Paul’s organization, the National Women’s Party, was the more radical wing of the movement, said Bailey. Their tactics were inspired by the success of English suffragette, Emmeline Pankhurst, who affected change in the British government by, “...public demonstrations, arson, and sabotage. They destroyed artwork and assaulted Cabinet members.” said Bailey, “[Paul was inspired that women must be the aggressors.”
“No one would ever give them the vote. They must take it. She was ready to wage warfare in order to get the vote. This movement, to me, was violent,” she concluded.
In 1910, not one politician was supporting the suffrage movement in the U.S. In 1913, Paul conducted a massive demonstration the day before Woodrow Wilson was inaugurated. Five thousand demonstrators marched, and they were attacked by men and boys on the street, an event which made headlines nationally. Women picketed the White House, lighting bonfires and hanging signs that appealed to the president directly to take action. 
“For this they were arrested, jailed,” Bailey said.
In custody, suffragettes conducted their infamous hunger strikes and were horribly, violently force-fed by jailers. 
“It was like a war. I don’t know what else to say,” said Bailey, “A story of the power of the human will in conflict with social injustice...It’s good to realize the sacrifice those women made. They were martyrs, or closer to martyrs.”

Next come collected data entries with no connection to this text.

(* Qualitative invariability may fail for multifold edges under monotonic semantics: there exist a gradual semantics $\sigma$ satisfying monotonicity on all acyclic QBAFs, an acyclic QBAF $\mathcal{Q}=\langle\mathcal{A},\mathcal{R}^-,\mathcal{R}^+,\tau\rangle$, an argument $\alpha\in\mathcal{A}$ and an edge $r=(\beta,\gamma)\in\mathcal{R}$ multifold w.r.t. $\alpha$, such that either $\phi^\alpha_\sigma(r)>0$ and $\phi_\delta<0$ for some $\delta\in[0,1]$, or $\phi^\alpha_\sigma(r)<0$ and $\phi_\delta>0$ for some $\delta\in[0,1]$; here $\phi_\delta$ denotes $\phi^\alpha_\sigma(r)$ computed in $\langle\mathcal{A},\mathcal{R}^-,\mathcal{R}^+,\tau_\delta\rangle$ with $\tau_\delta(\beta)=\delta$ and $\tau_\delta=\tau$ on $\mathcal{A}\setminus\{\beta\}$.
   Context: A QBAF is a quadruple $\mathcal{Q}=\langle\mathcal{A},\mathcal{R}^-,\mathcal{R}^+,\tau\rangle$ with $\mathcal{A}$ a finite set of arguments, $\mathcal{R}^-,\mathcal{R}^+\subseteq\mathcal{A}\times\mathcal{A}$ disjoint attack and support relations, and $\tau:\mathcal{A}\to[0,1]$ base scores; $\mathcal{R}=\mathcal{R}^-\cup\mathcal{R}^+$, $\mathcal{R}(\beta)=\{(\beta,\gamma)\in\mathcal{R}\}$; acyclic means $(\mathcal{A},\mathcal{R})$ has no directed cycle. A gradual semantics $\sigma$ assigns strengths in $[0,1]$ to arguments of QBAFs. For $\mathcal{S}\subseteq\mathcal{R}$, $\sigma_{\mathcal{S}}(\alpha)$ is the strength of $\alpha$ in $\langle\mathcal{A},\mathcal{R}^-\cap\mathcal{S},\mathcal{R}^+\cap\mathcal{S},\tau\rangle$; for $\tau':\mathcal{A}\to[0,1]$, $\sigma_{\tau'}(\alpha)$ is the strength of $\alpha$ in $\langle\mathcal{A},\mathcal{R}^-,\mathcal{R}^+,\tau'\rangle$. The RAE is $\phi^\alpha_\sigma(r)=\sum_{\mathcal{S}\subseteq\mathcal{R}\setminus\{r\}}\frac{(|\mathcal{R}|-|\mathcal{S}|-1)!|\mathcal{S}|!}{|\mathcal{R}|!}[\sigma_{\mathcal{S}\cup\{r\}}(\alpha)-\sigma_{\mathcal{S}}(\alpha)]$. $\sigma$ satisfies monotonicity on a class of QBAFs if for every QBAF in the class, every $\alpha,\beta\in\mathcal{A}$ with $\alpha\neq\beta$ and $\mathcal{R}(\beta)=\{(\beta,\alpha)\}$, and every $\tau':\mathcal{A}\to[0,1]$: (1) if $(\beta,\alpha)\in\mathcal{R}^-$ then $\sigma(\alpha)\le\sigma_{\mathcal{R}\setminus\{(\beta,\alpha)\}}(\alpha)$; (2) if $(\beta,\alpha)\in\mathcal{R}^+$ then $\sigma(\alpha)\ge\sigma_{\mathcal{R}\setminus\{(\beta,\alpha)\}}(\alpha)$; (3) if $(\beta,\alpha)\in\mathcal{R}^-$, $\tau(\beta)\le\tau'(\beta)$ and $\tau'=\tau$ on $\mathcal{A}\setminus\{\beta\}$, then $\sigma(\alpha)\ge\sigma_{\tau'}(\alpha)$; (4) if $(\beta,\alpha)\in\mathcal{R}^+$, $\tau(\beta)\le\tau'(\beta)$ and $\tau'=\tau$ on $\mathcal{A}\setminus\{\beta\}$, then $\sigma(\alpha)\le\sigma_{\tau'}(\alpha)$. A path from $\gamma$ to $\alpha$ is a finite sequence of edges $(x_0,x_1),\dots,(x_{k-1},x_k)\in\mathcal{R}$ with $x_0=\gamma$, $x_k=\alpha$. An edge $(\beta,\gamma)\in\mathcal{R}$ with $\beta\neq\alpha$ is multifold w.r.t. $\alpha$ if $\gamma\neq\alpha$ and there is more than one path from $\gamma$ to $\alpha$ in $\mathcal{Q}$. *)

From HB Require Import structures.
From mathcomp Require Import all_boot all_order all_algebra.
From mathcomp Require Import reals.
Set Implicit Arguments. Unset Strict Implicit. Unset Printing Implicit Defensive.
Import Order.TTheory GRing.Theory Num.Theory.
Local Open Scope ring_scope.

(* A QBAF <A, Rm, Rp, tau> is represented by a finite type A of arguments,
   attack relation Rm, support relation Rp (sets of pairs) and base scores tau. *)

Definition qbaf_valid (R : realType) (A : finType) (Rm Rp : {set A * A})
    (tau : A -> R) : Prop :=
  Rm :&: Rp = set0 /\ (forall a, 0 <= tau a <= 1).

Definition edge_rel (A : finType) (Rm Rp : {set A * A}) : rel A :=
  fun x y => (x, y) \in Rm :|: Rp.

Definition acyclic (A : finType) (Rm Rp : {set A * A}) : Prop :=
  forall x y, edge_rel Rm Rp x y -> ~~ connect (edge_rel Rm Rp) y x.

Definition semantics (R : realType) :=
  forall (A : finType), {set A * A} -> {set A * A} -> (A -> R) -> A -> R.

Definition sem_range (R : realType) (sigma : semantics R) : Prop :=
  forall (A : finType) Rm Rp (tau : A -> R) a,
    qbaf_valid Rm Rp tau -> 0 <= sigma A Rm Rp tau a <= 1.

Definition sigma_S (R : realType) (sigma : semantics R) (A : finType)
    (Rm Rp : {set A * A}) (tau : A -> R) (S : {set A * A}) (a : A) : R :=
  sigma A (Rm :&: S) (Rp :&: S) tau a.

Definition out_edges_single (A : finType) (Rm Rp : {set A * A}) (b a : A) :=
  [set e in Rm :|: Rp | e.1 == b] = [set (b, a)].

Definition monotonic_acyclic (R : realType) (sigma : semantics R) : Prop :=
  forall (A : finType) (Rm Rp : {set A * A}) (tau : A -> R),
    qbaf_valid Rm Rp tau -> acyclic Rm Rp ->
    forall (a b : A), a != b -> out_edges_single Rm Rp b a ->
    forall tau' : A -> R, (forall x, 0 <= tau' x <= 1) ->
      let Rall := Rm :|: Rp in
      ((b, a) \in Rm ->
         sigma A Rm Rp tau a <= sigma_S sigma Rm Rp tau (Rall :\ (b, a)) a) /\
      ((b, a) \in Rp ->
         sigma A Rm Rp tau a >= sigma_S sigma Rm Rp tau (Rall :\ (b, a)) a) /\
      ((b, a) \in Rm -> tau b <= tau' b -> (forall x, x != b -> tau' x = tau x) ->
         sigma A Rm Rp tau a >= sigma A Rm Rp tau' a) /\
      ((b, a) \in Rp -> tau b <= tau' b -> (forall x, x != b -> tau' x = tau x) ->
         sigma A Rm Rp tau a <= sigma A Rm Rp tau' a).

Definition RAE (R : realType) (sigma : semantics R) (A : finType)
    (Rm Rp : {set A * A}) (tau : A -> R) (a : A) (r : A * A) : R :=
  let Rall := Rm :|: Rp in
  \sum_(S : {set A * A} | S \subset Rall :\ r)
     (((#|Rall| - #|S| - 1)`! * #|S|`!)%:R / (#|Rall|`!)%:R) *
     (sigma_S sigma Rm Rp tau (r |: S) a - sigma_S sigma Rm Rp tau S a).

(* p is (the node sequence of) a path from g to a: the edges are
   (g, p_1), (p_1, p_2), ..., (p_{k-1}, p_k) with p_k = a.  Edge sequences
   and such node sequences are in bijection. *)
Definition is_path_to (A : finType) (Rm Rp : {set A * A}) (g a : A) (p : seq A) :=
  path (edge_rel Rm Rp) g p && (last g p == a).

Definition multifold (A : finType) (Rm Rp : {set A * A}) (a : A) (r : A * A) :=
  [/\ r \in Rm :|: Rp, r.1 != a, r.2 != a &
      exists p1 p2, [/\ p1 != p2, is_path_to Rm Rp r.2 a p1 &
                        is_path_to Rm Rp r.2 a p2]].

Definition tau_upd (R : realType) (A : finType) (tau : A -> R) (b : A) (d : R) : A -> R :=
  fun x => if x == b then d else tau x.

(* Take σ(α) = τ(α)/2 + 1/4 + s/4 with s = [some β has τ(β) > 1/2] - [some β has
   τ(β) < 1/2], where β ranges over sources of edges (β, γ) into a "fork" γ, i.e. an
   argument with an edge to α and an edge to some other argument.  Monotonicity only
   concerns an argument β whose unique outgoing edge is (β, α); in an acyclic QBAF such
   a β is neither a fork nor the source of an edge into one, so deleting (β, α) or
   changing τ(β) leaves σ(α) unchanged.
   In the QBAF with supports 0 → 1, 1 → 2, 1 → 3, 2 → 3 and α = 3, the multifold edge
   (0, 1) is the only possible edge into a fork; adding it to a subgraph changes σ(3) by
   sign(τ(0) - 1/2)/4 when the subgraph contains (1, 2) and (1, 3), and not at all
   otherwise.  So its RAE is a positive multiple of sign(τ(0) - 1/2), which flips as
   τ(0) goes from 1 to 0. *)

From HB Require Import structures.
From mathcomp Require Import all_boot all_order all_algebra.
From mathcomp Require Import reals lra.
Import Order.TTheory GRing.Theory Num.Theory.
Set Implicit Arguments. Unset Strict Implicit. Unset Printing Implicit Defensive.
Local Open Scope ring_scope.

Lemma acyclic_no_loop (A : finType) (Rm Rp : {set A * A}) a :
  acyclic Rm Rp -> (a, a) \notin Rm :|: Rp.
Proof. by move=> acyc; apply/negP => Eaa; have := acyc a a Eaa; rewrite connect0. Qed.

Lemma acyclic_of_rank (A : finType) (Rm Rp : {set A * A}) (rk : A -> nat) :
  (forall x y, edge_rel Rm Rp x y -> rk x < rk y)%N -> acyclic Rm Rp.
Proof.
move=> rk_lt x y Exy; apply/negP => /connectP [p p_path x_last].
have rk_last z q : path (edge_rel Rm Rp) z q -> (rk z <= rk (last z q))%N.
  elim: q z => [|z' q IHq] z //= /andP [Ezz' /IHq]; exact/leq_trans/ltnW/rk_lt.
by have := rk_last _ _ p_path; rewrite -x_last leqNgt rk_lt.
Qed.

Section ShapleyWeights.
Variable R : realType.

Definition shapley_weight (n s : nat) : R := ((n - s - 1)`! * s`!)%:R / (n`!)%:R.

The population in Howell County is close to 40,000 people. According to election results published by the Howell County Clerk from this month’s primary election, there are 26,807 registered voters here. In that election, only 32.16% of that number (8,620) turned out to vote. On a day to celebrate the suffragette’s triumph borne out of blood, violence, and sheer perseverance, those numbers are disquieting to say the least. 
Like all our other American freedoms, equal access to the ballot is a gift paid for by the hardships of our forebearers. This November, we have a general election. Man or woman, Democrat or Republican, celebrate the Centennial with a visit to the polls. You should because you can.